State cancels incentives agreement with Verizon retailer after one year
The state of North Carolina and a nationwide Verizon retailer headquartered in Raleigh have terminated an incentive agreement that was signed just last year.
In a letter sent to the state’s Economic Investment Committee earlier this month, Victra, which also goes by ABC Phones, requested that the state cancel its Job Development Investment Grant because it could no longer reach some hiring goals the state had set.
The incentive would have been worth up to $3.3 million over 12 years if the company had reached all of the required hiring and investment milestones. The state hadn’t yet made payments to Victra, and the agreement was terminated at an EIC meeting on Tuesday.

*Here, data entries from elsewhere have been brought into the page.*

(* Let $\nu>-1$ and $p,q\in\mathbb{R}$. Then the inequalities $$(1-p)\mathcal{I}_{\nu+1}(x)+p\frac{\mathcal{I}_{\nu+1}(x)}{\mathcal{I}_{\nu}(x)}>1>(1-q)\mathcal{I}_{\nu+1}(x)+q\frac{\mathcal{I}_{\nu+1}(x)}{\mathcal{I}_{\nu}(x)}$$ hold for all $x\in(0,\infty)$ if and only if $p\leq\frac{\nu+1}{\nu+2}$ and $q\geq 1$.
   Context: For $\mu>-1$, $I_\mu(x)=\sum_{n\geq0}\frac{(x/2)^{\mu+2n}}{n!\,\Gamma(\mu+n+1)}$ is the modified Bessel function of the first kind, and $\mathcal{I}_\mu:\mathbb{R}\to[1,\infty)$ is the normalized modified Bessel function $$\mathcal{I}_{\mu}(x)=2^{\mu}\Gamma(\mu+1)x^{-\mu}I_{\mu}(x)=\sum_{n\geq0}\frac{(1/4)^n}{(\mu+1)_n\, n!}x^{2n},$$ where $(\mu+1)_n=\Gamma(\mu+n+1)/\Gamma(\mu+1)$ is the Pochhammer symbol. In particular $\mathcal{I}_{-1/2}(x)=\cosh x$ and $\mathcal{I}_{1/2}(x)=\frac{\sinh x}{x}$. *)

From Stdlib Require Import Reals Lra ClassicalEpsilon Arith Factorial.
Open Scope R_scope.

Fixpoint poch (a : R) (n : nat) : R :=
  match n with
  | O => 1
  | S k => poch a k * (a + INR k)
  end.

(* n-th term of the series of the normalized modified Bessel function *)
Definition Inorm_term (mu x : R) (n : nat) : R :=
  (/ 4) ^ n / (poch (mu + 1) n * INR (fact n)) * x ^ (2 * n).

Definition Inorm (mu x : R) : R :=
  epsilon (inhabits 0) (fun l => infinite_sum (Inorm_term mu x) l).

(* With c = nu + 1 and t = x^2/4, Inorm nu x and Inorm (nu + 1) x are the sums G and F of the
   hypergeometric series 0F1(;c;t) and 0F1(;c+1;t).  The combination (1 - r) F + r F/G equals
   F - r F (G - 1)/G, so it decreases in r.  Comparing coefficients gives F < G, whence the value
   F/G < 1 at r = 1, and the contiguous inequality t F/c + (c + 1) F - c G > 1 + t/c (its
   coefficients are (n^2 + c)/(c + n) times those of G), which together with G - 1 >= t/c puts
   the value at r = c/(c + 1) above 1.  Conversely, F >= 1 + t/(c + 1) is unbounded, which rules
   out q < 1; and F - 1 <= t F/(c + 1), G - 1 >= t/c and G (1 - t/c) <= 1 force the combination
   below 1 for small t as soon as p > c/(c + 1). *)

From Stdlib Require Import Reals Lra Lia Factorial FunctionalExtensionality ClassicalEpsilon.
Open Scope R_scope.

Lemma Un_cv_const (k : R) : Un_cv (fun _ => k) k.
Proof. intros eps Heps; exists O; intros; unfold Rdist; rewrite Rminus_diag, Rabs_R0; lra. Qed.

Lemma Un_cv_shift (u : nat -> R) (l : R) (N : nat) :
  Un_cv u l -> Un_cv (fun n => u (n + N)%nat) l.
Proof.
  intros Hu eps Heps; destruct (Hu eps Heps) as [M HM].
  exists M; intros n Hn; apply HM; lia.
Qed.

Lemma infinite_sum_plus (a b : nat -> R) (A B : R) :
  infinite_sum a A -> infinite_sum b B ->
  infinite_sum (fun n => a n + b n) (A + B).
Proof.
  intros Ha Hb; apply (Un_cv_ext (fun n => sum_f_R0 a n + sum_f_R0 b n)).
  - intro n; symmetry; apply plus_sum.
  - now apply CV_plus.
Qed.

Lemma infinite_sum_scal (k : R) (a : nat -> R) (A : R) :
  infinite_sum a A -> infinite_sum (fun n => k * a n) (k * A).
Proof.
  intro Ha; apply (Un_cv_ext (fun n => k * sum_f_R0 a n)).
  - intro n; rewrite scal_sum; apply sum_eq; intros; ring.
  - now apply CV_mult; [apply Un_cv_const|].
Qed.

Lemma infinite_sum_cons (a0 : R) (a : nat -> R) (A : R) :
  infinite_sum a A ->
  infinite_sum (fun n => match n with O => a0 | S k => a k end) (a0 + A).
Proof.
  intros Ha eps Heps; destruct (Ha eps Heps) as [M HM].
  assert (Hsum : forall n, sum_f_R0 (fun n => match n with O => a0 | S k => a k end) (S n)
                          = a0 + sum_f_R0 a n).
  { induction n as [|n IH]; [reflexivity|]. simpl in *; rewrite IH; ring. }
  exists (S M); intros [|n] Hn; [lia|].
  unfold Rdist; rewrite Hsum.
  replace (a0 + sum_f_R0 a n - (a0 + A)) with (sum_f_R0 a n - A) by ring.
  apply HM; lia.
Qed.

Lemma partial_sum_le_infinite_sum (a : nat -> R) (A : R) (N : nat) :
  infinite_sum a A -> (forall n, (N < n)%nat -> 0 <= a n) -> sum_f_R0 a N <= A.
Proof.
  intros Ha Htail.
  apply (Rle_cv_lim (Un := fun _ => sum_f_R0 a N) (Vn := fun n => sum_f_R0 a (n + N))).
  - induction n as [|n IH]; [apply Rle_refl|].
    rewrite Nat.add_succ_l, tech5; pose proof (Htail (S (n + N)) ltac:(lia)); lra.
  - apply Un_cv_const.
  - exact (Un_cv_shift _ _ N Ha).
Qed.

Definition hyp0F1_term (c t : R) (n : nat) : R := t ^ n / (poch c n * INR (fact n)).

Lemma poch_gt0 (c : R) (n : nat) : 0 < c -> 0 < poch c n.
Proof.
  intro Hc; induction n as [|n IH]; simpl; [lra|].
  pose proof (pos_INR n); apply Rmult_lt_0_compat; lra.
Qed.

Lemma poch_Sl (c : R) (n : nat) : poch c (S n) = c * poch (c + 1) n.
Proof.
  induction n as [|n IH]; [simpl; ring|].
  change (poch c (S (S n))) with (poch c (S n) * (c + INR (S n))).
  rewrite IH, S_INR; simpl; ring.
Qed.

Lemma pow_fact_le_poch (c : R) (n : nat) : 0 < c -> Rmin c 1 ^ n * INR (fact n) <= poch c n.
Proof.
  intro Hc; set (m := Rmin c 1).
  assert (Hm : 0 < m <= 1) by (unfold m; split; [apply Rmin_glb_lt|apply Rmin_r]; lra).
  assert (Hmc : m <= c) by apply Rmin_l.
  induction n as [|n IH]; [simpl; lra|].
  rewrite fact_simpl, mult_INR, S_INR; simpl poch.
  pose proof (pos_INR n); pose proof (INR_fact_lt_0 n); pose proof (pow_lt m n (proj1 Hm)).
  replace (m ^ S n * ((INR n + 1) * INR (fact n))) with (m ^ n * INR (fact n) * (m * (INR n + 1)))
    by (simpl; ring).
  apply Rmult_le_compat; try nra.
Qed.

Lemma Inorm_term_hyp0F1 (mu x : R) (n : nat) :
  Inorm_term mu x n = hyp0F1_term (mu + 1) (x ^ 2 / 4) n.
Proof.
  unfold Inorm_term, hyp0F1_term; rewrite pow_mult; unfold Rdiv.
  rewrite Rpow_mult_distr; ring.
Qed.

Lemma hyp0F1_term_gt0 (c t : R) (n : nat) : 0 < c -> 0 < t -> 0 < hyp0F1_term c t n.
Proof.
  intros Hc Ht; apply Rdiv_lt_0_compat; [now apply pow_lt|].
  apply Rmult_lt_0_compat; [now apply poch_gt0|apply INR_fact_lt_0].
Qed.

Section Terms.
Variables (c t : R).
Hypotheses (Hc : 0 < c) (Ht : 0 < t).

Lemma hyp0F1_term0 : hyp0F1_term c t 0 = 1.
Proof. unfold hyp0F1_term; simpl; field. Qed.

Lemma hyp0F1_term1 : hyp0F1_term c t 1 = t / c.
Proof. unfold hyp0F1_term; simpl; field; lra. Qed.

Lemma hyp0F1_term_Sparam (n : nat) :
  (c + INR n) * hyp0F1_term (c + 1) t n = c * hyp0F1_term c t n.
Proof.
  unfold hyp0F1_term.
  assert (Hpoch : poch c n * (c + INR n) = c * poch (c + 1) n) by (rewrite <- poch_Sl; reflexivity).
  pose proof (poch_gt0 c n Hc); pose proof (poch_gt0 (c + 1) n ltac:(lra)).
  pose proof (INR_fact_lt_0 n); pose proof (pos_INR n).
  replace (poch (c + 1) n) with (poch c n * (c + INR n) / c) by (rewrite Hpoch; field; lra).
  field; repeat split; lra.
Qed.

Lemma hyp0F1_term_Sparam_le (n : nat) : hyp0F1_term (c + 1) t n <= hyp0F1_term c t n.
Proof.
  pose proof (hyp0F1_term_Sparam n); pose proof (pos_INR n).
  pose proof (hyp0F1_term_gt0 (c + 1) t n ltac:(lra) Ht).
  assert (0 <= INR n * hyp0F1_term (c + 1) t n) by (apply Rmult_le_pos; lra).
  apply Rmult_le_reg_l with c; nra.
Qed.

Lemma hyp0F1_term_S (n : nat) :
  INR (S n) * hyp0F1_term c t (S n) = t / c * hyp0F1_term (c + 1) t n.
Proof.
  unfold hyp0F1_term; rewrite poch_Sl, fact_simpl, mult_INR.
  pose proof (poch_gt0 (c + 1) n ltac:(lra)); pose proof (INR_fact_lt_0 n); pose proof (pos_INR n).
  rewrite S_INR; simpl; field; repeat split; lra.
Qed.

Lemma hyp0F1_term_S_le (n : nat) : hyp0F1_term c t (S n) <= t / c * hyp0F1_term c t n.
Proof.
  pose proof (hyp0F1_term_S n); pose proof (hyp0F1_term_Sparam_le n).
  pose proof (hyp0F1_term_gt0 c t (S n) Hc Ht); pose proof (pos_INR n).
  assert (Htc : 0 < t / c) by (apply Rdiv_lt_0_compat; lra).
  rewrite S_INR in *; nra.
Qed.

Lemma hyp0F1_term_contiguous (n : nat) :
  (c + INR (S n)) * (t / c * hyp0F1_term (c + 1) t n + (c + 1) * hyp0F1_term (c + 1) t (S n)
                     - c * hyp0F1_term c t (S n))
  = (INR (S n) ^ 2 + c) * hyp0F1_term c t (S n).
Proof.
  rewrite <- hyp0F1_term_S.
  transitivity ((c + INR (S n)) * INR (S n) * hyp0F1_term c t (S n)
                + (c + 1) * ((c + INR (S n)) * hyp0F1_term (c + 1) t (S n))
                - c * (c + INR (S n)) * hyp0F1_term c t (S n)); [ring|].
  rewrite hyp0F1_term_Sparam; ring.
Qed.

Lemma hyp0F1_summable : exists S, infinite_sum (hyp0F1_term c t) S.
Proof.
  set (m := Rmin c 1).
  assert (Hm : 0 < m) by (unfold m; apply Rmin_glb_lt; lra).
  destruct (Rseries_CV_comp (hyp0F1_term c t) (fun n => / INR (fact n) * (t / m) ^ n)) as [S HS].
  - intro n; split; [now apply Rlt_le, hyp0F1_term_gt0|].
    replace (/ INR (fact n) * (t / m) ^ n) with (t ^ n / (m ^ n * INR (fact n)))
      by (unfold Rdiv; rewrite Rpow_mult_distr, pow_inv; field; split;
          [apply pow_nonzero; lra | apply INR_fact_neq_0]).
    pose proof (pow_fact_le_poch c n Hc) as Hpoch; fold m in Hpoch.
    pose proof (INR_fact_lt_0 n); pose proof (pow_lt m n Hm); pose proof (poch_gt0 c n Hc).
    assert (Hfact : 1 <= INR (fact n)) by (apply (le_INR 1), lt_O_fact).
    apply Rmult_le_compat_l; [now apply pow_le, Rlt_le|].
    apply Rinv_le_contravar; [now apply Rmult_lt_0_compat|]; nra.
  - destruct (exist_exp (t / m)) as [l Hl]; exists l; exact Hl.
  - exists S; exact HS.
Qed.

End Terms.

Lemma Inorm_hyp0F1 (mu x : R) : -1 < mu -> 0 < x ->
  infinite_sum (hyp0F1_term (mu + 1) (x ^ 2 / 4)) (Inorm mu x).
Proof.
  intros Hmu Hx; unfold Inorm.
  replace (Inorm_term mu x) with (hyp0F1_term (mu + 1) (x ^ 2 / 4))
    by (extensionality n; symmetry; apply Inorm_term_hyp0F1).
  apply epsilon_spec, hyp0F1_summable; [lra|].
  apply Rdiv_lt_0_compat; [apply pow_lt|]; lra.
Qed.

Lemma Inorm_hyp0F1_sqrt (mu t : R) : -1 < mu -> 0 < t ->
  infinite_sum (hyp0F1_term (mu + 1) t) (Inorm mu (2 * sqrt t)).
Proof.
  intros Hmu Ht.
  replace t with ((2 * sqrt t) ^ 2 / 4) at 1
    by (rewrite Rpow_mult_distr, pow2_sqrt by lra; field).
  apply Inorm_hyp0F1; [lra|].
  pose proof (sqrt_lt_R0 t Ht); lra.
Qed.

Section Hyp0F1Bounds.
Variables (c t Phi : R).
Hypotheses (Hc : 0 < c) (Ht : 0 < t) (HPhi : infinite_sum (hyp0F1_term c t) Phi).

Lemma hyp0F1_ge : 1 + t / c <= Phi.
Proof.
  pose proof (partial_sum_le_infinite_sum _ _ 1 HPhi
                (fun n _ => Rlt_le _ _ (hyp0F1_term_gt0 c t n Hc Ht))) as Hpartial.
  simpl in Hpartial; rewrite hyp0F1_term0, hyp0F1_term1 in Hpartial; lra.
Qed.

Lemma hyp0F1_le : Phi <= 1 + t / c * Phi.
Proof.
  pose proof (infinite_sum_plus _ _ _ _ (infinite_sum_cons 1 _ _ (infinite_sum_scal (t / c) _ _ HPhi))
                (infinite_sum_scal (-1) _ _ HPhi)) as Hdiff.
  assert (Htail : forall n, (0 < n)%nat ->
    0 <= (match n with O => 1 | S k => t / c * hyp0F1_term c t k end) + -1 * hyp0F1_term c t n).
  { intros [|n] Hn; [lia|]; pose proof (hyp0F1_term_S_le c t Hc Ht n); lra. }
  pose proof (partial_sum_le_infinite_sum _ _ 0 Hdiff Htail) as Hpartial.
  simpl in Hpartial; rewrite hyp0F1_term0 in Hpartial; lra.
Qed.

End Hyp0F1Bounds.

Lemma combination_antitone (F G r1 r2 : R) : 0 < F -> 1 <= G -> r1 <= r2 ->
  (1 - r2) * F + r2 * (F / G) <= (1 - r1) * F + r1 * (F / G).
Proof.
  intros HF HG Hr.
  assert (F / G <= F).
  { apply Rmult_le_reg_r with G; [lra|]; unfold Rdiv; rewrite Rmult_assoc, Rinv_l; nra. }
  nra.
Qed.

Section Hyp0F1Pair.
Variables (c t F G : R).
Hypotheses (Hc : 0 < c) (Ht : 0 < t).
Hypotheses (HG : infinite_sum (hyp0F1_term c t) G) (HF : infinite_sum (hyp0F1_term (c + 1) t) F).

Lemma hyp0F1_Sparam_lt : F < G.
Proof.
  pose proof (infinite_sum_plus _ _ _ _ HG (infinite_sum_scal (-1) _ _ HF)) as Hdiff.
  pose proof (partial_sum_le_infinite_sum _ _ 1 Hdiff
                (fun n _ => ltac:(pose proof (hyp0F1_term_Sparam_le c t Hc Ht n); lra))) as Hpartial.
  simpl in Hpartial.
  rewrite !hyp0F1_term0, hyp0F1_term1, (hyp0F1_term1 (c + 1)) in Hpartial by lra.
  assert (t / (c + 1) < t / c) by (apply Rmult_lt_compat_l; [|apply Rinv_lt_contravar]; nra).
  lra.
Qed.

Lemma hyp0F1_contiguous_gt : t / c * F + (c + 1) * F - c * G > 1 + t / c.
Proof.
  pose proof (infinite_sum_plus _ _ _ _
                (infinite_sum_plus _ _ _ _ (infinite_sum_cons 0 _ _ (infinite_sum_scal (t / c) _ _ HF))
                   (infinite_sum_scal (c + 1) _ _ HF))
                (infinite_sum_scal (- c) _ _ HG)) as Hsum.
  set (T := fun n => (match n with O => 0 | S k => t / c * hyp0F1_term (c + 1) t k end)
                     + (c + 1) * hyp0F1_term (c + 1) t n + - c * hyp0F1_term c t n) in Hsum.
  assert (HT : forall n, 0 < T (S n)).
  { intro n; pose proof (hyp0F1_term_contiguous c t Hc n) as Hcontig.
    pose proof (hyp0F1_term_gt0 c t (S n) Hc Ht); pose proof (pos_INR (S n)).
    unfold T; apply Rmult_lt_reg_l with (c + INR (S n)); nra. }
  pose proof (partial_sum_le_infinite_sum _ _ 2 Hsum
                (fun n Hn => ltac:(destruct n as [|n]; [lia|]; exact (Rlt_le _ _ (HT n))))) as Hpartial.
  pose proof (HT 1%nat) as HT2.
  assert (HT1 : T 1%nat = t / c).
  { unfold T; rewrite hyp0F1_term0, (hyp0F1_term1 (c + 1)), hyp0F1_term1 by lra; field; lra. }
  assert (HT0 : T 0%nat = 1) by (unfold T; rewrite !hyp0F1_term0; ring).
  simpl in Hpartial; lra.
Qed.
(* Let $J\ge1$, $K,L\ge 0$, $p,q,n_1,\dots,n_J\ge1$, $n=\sum_j n_j$, $\mathbf X_\cdot\in\mathbb R^{p\times n}$, $\mathbf Y_\cdot=[\mathbf Y_1,\dots,\mathbf Y_J]\in\mathbb R^{q\times n}$ with $\mathbf Y_j\in\mathbb R^{q\times n_j}$, binary matrices $\mathbf C_Y\in\{0,1\}^{J\times K}$, $\mathbf C_S\in\{0,1\}^{J\times L}$, and penalties $\lambda_B^{(k)}>0$, $\lambda_S^{(l)}>0$. Define $\mathbf Y_\cdot^{(k)}=[\mathbf Y_1^{(k)},\dots,\mathbf Y_J^{(k)}]$ with $\mathbf Y_j^{(k)}=\mathbf Y_j$ if $\mathbf C_Y[j,k]=1$ and $\mathbf 0_{q\times n_j}$ otherwise; let $\mathcal S_l$ be the set of $p\times n$ matrices whose $j$-th column block (of width $n_j$) is zero whenever $\mathbf C_S[j,l]=0$. Let $$f(\{\mathbf B_k\},\{\mathbf S^{(l)}\})=\tfrac12\Big\|\mathbf X_\cdot-\sum_{k}\mathbf B_k\mathbf Y_\cdot^{(k)}-\sum_{l}\mathbf S^{(l)}\Big\|_F^2+\sum_k\lambda_B^{(k)}\|\mathbf B_k\|_*+\sum_l\lambda_S^{(l)}\|\mathbf S^{(l)}\|_*$$ over $\mathbf B_k\in\mathbb R^{p\times q}$, $\mathbf S^{(l)}\in\mathcal S_l$. The following conditions are needed to allow non-zero estimation of the modules, in the sense that if a listed condition fails, then for every minimizer of $f$ there is another minimizer of $f$ (with objective value no larger) in which the indicated module is zero: 1. (module $\mathbf B_k$) Let $\mathcal I_k\subset\{1,\dots,K\}\setminus\{k\}$ be any set with $\sum_{i\in\mathcal I_k}\mathbf C_Y[\cdot,i]=c_y\,\mathbf C_Y[\cdot,k]$ for some positive integer $c_y$. Then $\lambda_B^{(k)}<\frac1{c_y}\sum_{i\in\mathcal I_k}\lambda_B^{(i)}$. 2. (module $\mathbf B_k$) Let $\mathcal I_k\subset\{1,\dots,L\}$ be any set with $\sum_{i\in\mathcal I_k}\mathbf C_S[\cdot,i]=c_{sy}\,\mathbf C_Y[\cdot,k]$ for some positive integer $c_{sy}$. Then $\lambda_B^{(k)}<\frac1{c_{sy}}\sum_{i\in\mathcal I_k}\lambda_S^{(i)}\|\mathbf Y_\cdot^{(k)}\|_*$. 3. (module $\mathbf S^{(l')}$) For $l\ne l'$ with $\mathbf C_S[j,l]\ge\mathbf C_S[j,l']$ for all $j$: $\lambda_S^{(l')}<\lambda_S^{(l)}$. 4. (module $\mathbf S^{(l)}$) Let $\mathcal I_l\subset\{1,\dots,L\}\setminus\{l\}$ be any set with $\sum_{i\in\mathcal I_l}\mathbf C_S[\cdot,i]=c_s\,\mathbf C_S[\cdot,l]$ for some positive integer $c_s$. Then $\lambda_S^{(l)}<\frac1{c_s}\sum_{i\in\mathcal I_l}\lambda_S^{(i)}$.
   Context: $\|\cdot\|_*$ is the nuclear norm and $\|\cdot\|_F$ the Frobenius norm; $\mathbf C[\cdot,i]$ denotes the $i$-th column of $\mathbf C$. The indicator matrices specify on which cohorts (column blocks) each module is present. *)

From HB Require Import structures.
From mathcomp Require Import all_boot all_order all_algebra.
From mathcomp Require Import polyrcf reals.
Set Implicit Arguments.
Unset Strict Implicit.
Unset Printing Implicit Defensive.
Import Order.TTheory GRing.Theory Num.Theory.
Local Open Scope ring_scope.
(* Let $\mathcal{P}_{16}=\{(a:b:1)\in\mathbb{P}^2(\mathbb{C}) : a,b\in\{1,-1,i,-i\}\}$ and $\mathcal{P}_{12}=\{(0:a:1),(a:0:1),(a:1:0) : a\in\mathbb{C},\ a^4=-1\}$, and let $\mathcal{P}_{28}=\mathcal{P}_{16}\cup\mathcal{P}_{12}$. Then the set of smooth conics in $\mathbb{P}^2(\mathbb{C})$ containing at least $6$ points of $\mathcal{P}_{28}$ has exactly $2736$ elements; among them exactly $2616$ contain exactly $6$ points of $\mathcal{P}_{28}$, exactly $96$ contain exactly $7$ points, and exactly $24$ contain exactly $8$ points (and none contains more than $8$). Moreover, each point of $\mathcal{P}_{16}$ lies on exactly $546$ of these conics and each point of $\mathcal{P}_{12}$ lies on exactly $652$ of them.
   Context: $\mathcal{P}_{28}$ is the singular set of the curve $\check C$ dual to the Fermat quartic $x^4+y^4+z^4=0$, namely $\check C: x^{12}+3x^8y^4+3x^4y^8+y^{12}+3x^8z^4-21x^4y^4z^4+3y^8z^4+3x^4z^8+3y^4z^8+z^{12}=0$; $\mathcal{P}_{16}$ is the set of its nodes and $\mathcal{P}_{12}$ the set of its $E_6$ singularities. A ''conic'' means a smooth (irreducible) plane curve of degree $2$. *)

(* complex numbers = algC (algebraic closure of Q in C). *)
From HB Require Import structures.
From mathcomp Require Import all_boot all_order all_algebra all_field.
Set Implicit Arguments. Unset Strict Implicit. Unset Printing Implicit Defensive.
Import Order.TTheory GRing.Theory Num.Theory.
Local Open Scope ring_scope.

(* Points of P^2(C) are represented by nonzero row vectors (x:y:z). *)
Definition pt (a b c : algC) : 'rV[algC]_3 := \row_(j < 3) [:: a; b; c]`_j.

Definition U4 : seq algC := [:: 1; -1; 'i; - 'i].

(* the four complex roots of a^4 = -1 : w*u, u in U4, where w = 4.-root(-1)
   satisfies w^4 = -1 *)
Definition R4 : seq algC := [seq (4.-root (-1)) * u | u <- U4].

Definition P16 : seq 'rV[algC]_3 := [seq pt a b 1 | a <- U4, b <- U4].
Definition P12 : seq 'rV[algC]_3 :=
  [seq pt 0 a 1 | a <- R4] ++ [seq pt a 0 1 | a <- R4] ++ [seq pt a 1 0 | a <- R4].
Definition P28 : seq 'rV[algC]_3 := P16 ++ P12.

(* A plane conic is given by a nonzero symmetric 3x3 matrix A (the quadratic
   form p A p^T), up to a nonzero scalar; it is smooth iff det A <> 0. *)
Definition smooth_conic (A : 'M[algC]_3) : Prop := A^T = A /\ \det A != 0.
Definition same_conic (A B : 'M[algC]_3) : Prop := exists2 c : algC, c != 0 & B = c *: A.
Definition on_conic (A : 'M[algC]_3) (p : 'rV[algC]_3) : bool := p *m A *m p^T == 0.

(* number of points of P28 on the conic A (the listed representatives are
   pairwise distinct projective points) *)
Definition npts (A : 'M[algC]_3) : nat := count (on_conic A) P28.

(* No three distinct points of a smooth conic are collinear, and the conics through
   four points in general position form the pencil spanned by the two line pairs
   p1p2.p3p4 and p1p4.p2p3; its member through a fifth point is given by an explicit
   formula ([conic5]).  So a smooth conic through at least six of the 28 points is
   [conic5] of its first five points, taken in a fixed order of the 28 points.  These
   points have coordinates in Z[zeta_8], where arithmetic is exact: enumerating the
   candidate conics over all four-point subsets and counting incidences is a finite
   computation, done by [vm_compute].  The embedding of Z[zeta_8] into algC is
   injective, since zeta_8 has degree 4, and transfers the counts to the statement. *)

From HB Require Import structures.
From Stdlib Require Import ZArith.
From mathcomp Require Import all_boot all_order all_algebra all_field.
From mathcomp Require Import ssrZ ring.
Set Implicit Arguments. Unset Strict Implicit. Unset Printing Implicit Defensive.
Import Order.TTheory GRing.Theory Num.Theory.
Local Open Scope ring_scope.

(** * Vectors and ternary quadratic forms *)

Record vec3 (R : Type) := Vec3 { vx : R; vy : R; vz : R }.
Record quad (R : Type) := Quad { q00 : R; q11 : R; q22 : R; q01 : R; q02 : R; q12 : R }.
Arguments Vec3 {R}.
Arguments Quad {R}.

Definition vec3_tuple R (p : vec3 R) := (vx p, vy p, vz p).
Definition tuple_vec3 R (t : R * R * R) := let: (x, y, z) := t in Vec3 x y z.
Lemma vec3_tupleK R : cancel (@vec3_tuple R) (@tuple_vec3 R). Proof. by case. Qed.
HB.instance Definition _ (R : eqType) := Equality.copy (vec3 R) (can_type (@vec3_tupleK R)).

Definition quad_tuple R (a : quad R) := (q00 a, q11 a, q22 a, q01 a, q02 a, q12 a).
Definition tuple_quad R (t : R * R * R * R * R * R) :=
  let: (a00, a11, a22, a01, a02, a12) := t in Quad a00 a11 a22 a01 a02 a12.
Lemma quad_tupleK R : cancel (@quad_tuple R) (@tuple_quad R). Proof. by case. Qed.
HB.instance Definition _ (R : eqType) := Equality.copy (quad R) (can_type (@quad_tupleK R)).

Section VectorOps.
Variable R : comNzRingType.
Implicit Types (p q l : vec3 R) (t : R).

Definition vec0 : vec3 R := Vec3 0 0 0.
Definition ex : vec3 R := Vec3 1 0 0.
Definition ey : vec3 R := Vec3 0 1 0.
Definition ez : vec3 R := Vec3 0 0 1.
Definition vadd p q := Vec3 (vx p + vx q) (vy p + vy q) (vz p + vz q).
Definition vscale t p := Vec3 (t * vx p) (t * vy p) (t * vz p).
Definition dot l p := vx l * vx p + vy l * vy p + vz l * vz p.
Definition cross p q :=
  Vec3 (vy p * vz q - vz p * vy q) (vz p * vx q - vx p * vz q) (vx p * vy q - vy p * vx q).

End VectorOps.
Arguments vec0 {R}.
Arguments ex {R}.
Arguments ey {R}.
Arguments ez {R}.

Notation det3 p q r := (dot (cross p q) r).

Section Forms.
Variable R : comNzRingType.
Implicit Types (p q r x y l m : vec3 R) (a : quad R) (al be t : R).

The main obstacle to Victra meeting the hiring requirements, the company said in the letter, was its decision to move most of its employees in Greenville to Raleigh, as part of a consolidation of its workforce. The JDIG agreement required the company to create dozens of jobs in Greenville.
“Victra respectfully requests consent of the EIC to terminate the agreement,” the company’s CEO, George Sherman, wrote in the letter. “By the end of 2018 Victra will consolidate all retained positions from its Pitt County office into its Raleigh headquarters. ... This decision was not taken lightly and was made after careful consideration of how to best align our business objectives and our long-term commitment to Raleigh as our national headquarters.”
Efforts to reach Victra were not immediately successful.
With more than 1,150 stores, Victra is the largest independent retailer, based on the number of stores, that exclusively sells Verizon wireless service, the Commerce Department said. According to the privately held company’s website, it was founded in Wilson in 1996 and had dual headquarters in Greenville and Eden Prairie, Minn., before deciding to relocate to Raleigh.
In 2017, Victra said it would add 250 new executive, operations and administrative jobs in Raleigh, which were expected to pay an annual wage of $92,000, according to data provided by the state.
By the end of the year the company expects to have 450 employees in North Carolina, as it consolidates employees to Raleigh from offices in California, Minnesota, South Dakota and Utah, the company said in its letter. “Although we were able to achieve this number (of Raleigh-based) employees within just the first full year of the agreement, the business requirements to do so did not allow for keeping our office in Pitt County open past 2018,” Sherman wrote.